**Task requirements**
Please retype the data that follows, starting at the line containing "- intros t _. unfold beta_exp. simpl. ring." and stopping after the last line.

**Stored data entries**
==========

(* Let $\ell \geq 2$ and $s \geq 1$ be integers, and let $p_n/q_n$ ($n \ge 0$) be the $n$th convergent of the regular continued fraction of $$s e^{1/(\ell s)} = [s, \ell - 1, 1, 2s-1, 3\ell - 1, 1, 2s-1, 5\ell - 1, 1, 2s-1, \dots, (2k-1)\ell - 1, 1, 2s-1, \dots].$$ Then $$\sum_{n \geq 0} \left|p_n - s e^{1/(\ell s)} q_n\right| = e^{1/(\ell s)} \sqrt{\frac{\pi s}{\ell}}\, \operatorname{erf}\!\left(1/\sqrt{\ell s}\right).$$ Moreover, let $s \geq 1$ be an integer and let $p_n^*/q_n^*$ ($n\ge 0$) be the $n$th convergent of the regular continued fraction of $$s e^{1/s} = [s+1, 2s-1, 2, 1, 2s-1, 4, 1, \dots, 2s-1, 2k, 1, \dots].$$ Then $$\sum_{n \geq 0} \left|p_n^* - s e^{1/s} q_n^*\right| = e^{1/s} \sqrt{\pi s}\, \operatorname{erf}\!\left(1/\sqrt{s}\right) + s\left(1-e^{1/s}\right) - 1.$$
   Context: The error function is $\operatorname{erf}(x) = \frac{2}{\sqrt{\pi}}\int_0^x e^{-t^2}\,dt$. For a real number $\alpha$ with regular continued fraction $[a_0,a_1,a_2,\dots]$, the $n$th convergent is $p_n/q_n = [a_0,\dots,a_n]$ in lowest terms, with $q_n>0$ (equivalently $p_{-1}=1,q_{-1}=0,p_0=a_0,q_0=1$, $p_n=a_np_{n-1}+p_{n-2}$, $q_n=a_nq_{n-1}+q_{n-2}$). *)

From Stdlib Require Import Reals ZArith Lia.
From Coquelicot Require Import Coquelicot.
Open Scope R_scope.

Definition erf (x : R) : R :=
  2 / sqrt PI * RInt (fun t => exp (- t ^ 2)) 0 x.

(* floor: for Stdlib's [up], [Int_part r = up r - 1] is exactly the floor of r. *)
Definition floorR (r : R) : Z := Int_part r.

Fixpoint cf_rem (x : R) (n : nat) : R :=
  match n with
  | O => x
  | S m => / (cf_rem x m - IZR (floorR (cf_rem x m)))
  end.

Definition cf_digit (x : R) (n : nat) : Z := floorR (cf_rem x n).

(* ((p_n, q_n), (p_{n-1}, q_{n-1})) with p_{-1}=1, q_{-1}=0, p_0=a_0, q_0=1,
   p_n = a_n p_{n-1} + p_{n-2}, q_n = a_n q_{n-1} + q_{n-2}. *)
Fixpoint cf_pq (x : R) (n : nat) : (R * R) * (R * R) :=
  match n with
  | O => ((IZR (cf_digit x 0), 1), (1, 0))
  | S m =>
      let '((p, q), (p', q')) := cf_pq x m in
      let a := IZR (cf_digit x (S m)) in
      ((a * p + p', a * q + q'), (p, q))
  end.

Definition cf_p (x : R) (n : nat) : R := fst (fst (cf_pq x n)).
Definition cf_q (x : R) (n : nat) : R := snd (fst (cf_pq x n)).

(* Claimed expansion [s, l-1, 1, 2s-1, 3l-1, 1, 2s-1, ..., (2k-1)l-1, 1, 2s-1, ...]. *)
Definition digits1 (l s : Z) (n : nat) : Z :=
  match n with
  | O => s
  | _ =>
    match (n mod 3)%nat with
    | 1%nat => (2 * Z.of_nat ((n + 2) / 3) - 1) * l - 1
    | 2%nat => 1
    | _ => 2 * s - 1
    end
  end%Z.

(* Claimed expansion [s+1, 2s-1, 2, 1, 2s-1, 4, 1, ..., 2s-1, 2k, 1, ...]. *)
Definition digits2 (s : Z) (n : nat) : Z :=
  match n with
  | O => s + 1
  | _ =>
    match (n mod 3)%nat with
    | 1%nat => 2 * s - 1
    | 2%nat => 2 * Z.of_nat ((n + 1) / 3)
    | _ => 1
    end
  end%Z.

(* Put c = 1/(l s), J a b = int_0^1 t^a (1-t)^b e^(ct) dt, A k = c^k/k! J k k and
   B k = c^k/k! J k (k+1).  Up to the sign (-1)^k, the numbers -c s A k, c (s A k - B k) and
   -c B k, taken in turn, satisfy the recurrence of the convergents of the claimed expansion of
   s e^c (integration by parts), and their consecutive ratios lie in (-1, 0); this forces them
   to be the errors p_n - x q_n of the regular continued fraction and identifies the partial
   quotients.  For s e^(1/s) the same sequence with l = 1 works, started two places later.
   Finally sum |p_n - x q_n| = 2 c s sum A k = 2 c s int_0^1 e^(c t (2 - t)) dt, which the
   substitution v = sqrt c (1 - t) turns into an error-function value. *)

From Stdlib Require Import Reals ZArith Lia Lra.
From Coquelicot Require Import Coquelicot.
Open Scope R_scope.

Lemma sum_n_R_S (a : nat -> R) n : sum_n a (S n) = sum_n a n + a (S n).
Proof. exact (sum_Sn a n). Qed.

Definition exp_term (z : R) (k : nat) : R := / INR (fact k) * z ^ k.

Definition exp_tail (K : nat) (z : R) : R := exp z - sum_n (exp_term z) K.

Lemma is_lim_seq_exp_partial z : is_lim_seq (sum_n (exp_term z)) (exp z).
Proof.
  change (is_series (exp_term z) (exp z)).
  apply is_series_Reals. unfold exp. destruct (exist_exp z) as [l Hl]. exact Hl.
Qed.

Lemma exp_term_ge0 z k : 0 <= z -> 0 <= exp_term z k.
Proof.
  intros. unfold exp_term. apply Rmult_le_pos.
  - left. apply Rinv_0_lt_compat, lt_0_INR, lt_O_fact.
  - apply pow_le; lra.
Qed.

Lemma exp_term_le z Z k : 0 <= z <= Z -> exp_term z k <= exp_term Z k.
Proof.
  intros. unfold exp_term. apply Rmult_le_compat_l.
  - left. apply Rinv_0_lt_compat, lt_0_INR, lt_O_fact.
  - apply pow_incr; lra.
Qed.

Lemma is_lim_seq_exp_tail_partial K z :
  is_lim_seq (fun N => sum_n (exp_term z) N - sum_n (exp_term z) K) (exp_tail K z).
Proof. apply is_lim_seq_minus'; [apply is_lim_seq_exp_partial | apply is_lim_seq_const]. Qed.

Lemma exp_tail_bounds K z Z : 0 <= z <= Z -> 0 <= exp_tail K z <= exp_tail K Z.
Proof.
  intros Hz.
  assert (tail_sum : forall y N, (K <= N)%nat ->
    sum_n (exp_term y) N - sum_n (exp_term y) K = sum_n_m (exp_term y) (S K) N).
  { intros y N HN. symmetry. exact (sum_n_m_sum_n (exp_term y) K N HN). }
  split.
  - change (Rbar_le 0 (exp_tail K z)).
    apply (is_lim_seq_le_loc (fun _ => 0) (fun N => sum_n (exp_term z) N - sum_n (exp_term z) K));
      [|apply is_lim_seq_const|apply is_lim_seq_exp_tail_partial].
    exists K. intros N HN. rewrite tail_sum by lia.
    apply Rle_trans with (sum_n_m (fun _ => 0) (S K) N).
    { right. symmetry. exact (sum_n_m_const_zero (G := R_AbelianMonoid) (S K) N). }
    apply sum_n_m_le. intros; apply exp_term_ge0; lra.
  - change (Rbar_le (exp_tail K z) (exp_tail K Z)).
    apply (is_lim_seq_le_loc (fun N => sum_n (exp_term z) N - sum_n (exp_term z) K)
                              (fun N => sum_n (exp_term Z) N - sum_n (exp_term Z) K));
      [|apply is_lim_seq_exp_tail_partial..].
    exists K. intros N HN. rewrite !tail_sum by lia.
    apply sum_n_m_le. intros; apply exp_term_le; lra.
Qed.

Lemma is_lim_seq_exp_tail z : is_lim_seq (fun K => exp_tail K z) 0.
Proof.
  unfold exp_tail. replace 0 with (exp z - exp z) by ring.
  apply is_lim_seq_minus'; [apply is_lim_seq_const | apply is_lim_seq_exp_partial].
Qed.

Lemma is_RInt_bounds (h : R -> R) a b m M v :
  a <= b -> (forall t, a < t < b -> m <= h t <= M) -> is_RInt h a b v ->
  (b - a) * m <= v <= (b - a) * M.
Proof.
  intros Hab Hh Hv. split.
  - apply (is_RInt_le (fun _ => m) h a b); auto.
    + apply (is_RInt_const a b m).
    + intros t Ht; apply Hh, Ht.
  - apply (is_RInt_le h (fun _ => M) a b); auto.
    + apply (is_RInt_const a b M).
    + intros t Ht; apply Hh, Ht.
Qed.

Section BetaExponentialIntegrals.
Variable c : R.
Hypothesis c_pos : 0 < c.

Definition beta_exp (a b : nat) (t : R) : R := t ^ a * (1 - t) ^ b * exp (c * t).

Definition J (a b : nat) : R := RInt (beta_exp a b) 0 1.

Lemma continuous_beta_exp a b t : continuous (beta_exp a b) t.
Proof.
  apply (@ex_derive_continuous R_AbsRing R_NormedModule). unfold beta_exp. auto_derive. trivial.
Qed.

Lemma is_RInt_J a b : is_RInt (beta_exp a b) 0 1 (J a b).
Proof.
  apply (@RInt_correct R_CompleteNormedModule), (@ex_RInt_continuous R_CompleteNormedModule).
  intros; apply continuous_beta_exp.
Qed.

Lemma J_pos a b : 0 < J a b.
Proof.
  unfold J. apply Rle_lt_trans with (RInt (fun _ => 0) 0 1).
  { rewrite RInt_const. right. cbn. ring. }
  apply RInt_lt; try lra.
  - intros; apply continuous_beta_exp.
  - intros; apply continuous_const.
  - intros t Ht. unfold beta_exp. pose proof (exp_pos (c * t)).
    assert (0 < t ^ a) by (apply pow_lt; lra).
    assert (0 < (1 - t) ^ b) by (apply pow_lt; lra).
    apply Rmult_lt_0_compat; [apply Rmult_lt_0_compat|]; assumption.
Qed.

Lemma J_split a b : J a b = J a (S b) + J (S a) b.
Proof.
  apply (is_RInt_unique (beta_exp a b) 0 1).
  apply (is_RInt_ext (fun t => beta_exp a (S b) t + beta_exp (S a) b t)).
  - intros t _. unfold beta_exp. simpl. ring.
  - apply (is_RInt_plus (beta_exp a (S b)) (beta_exp (S a) b)); apply is_RInt_J.
Qed.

==========

**Response box**
  - intros t _. unfold beta_exp. simpl. ring.
  - apply (is_RInt_plus (beta_exp a (S b)) (beta_exp (S a) b)); apply is_RInt_J.
Qed.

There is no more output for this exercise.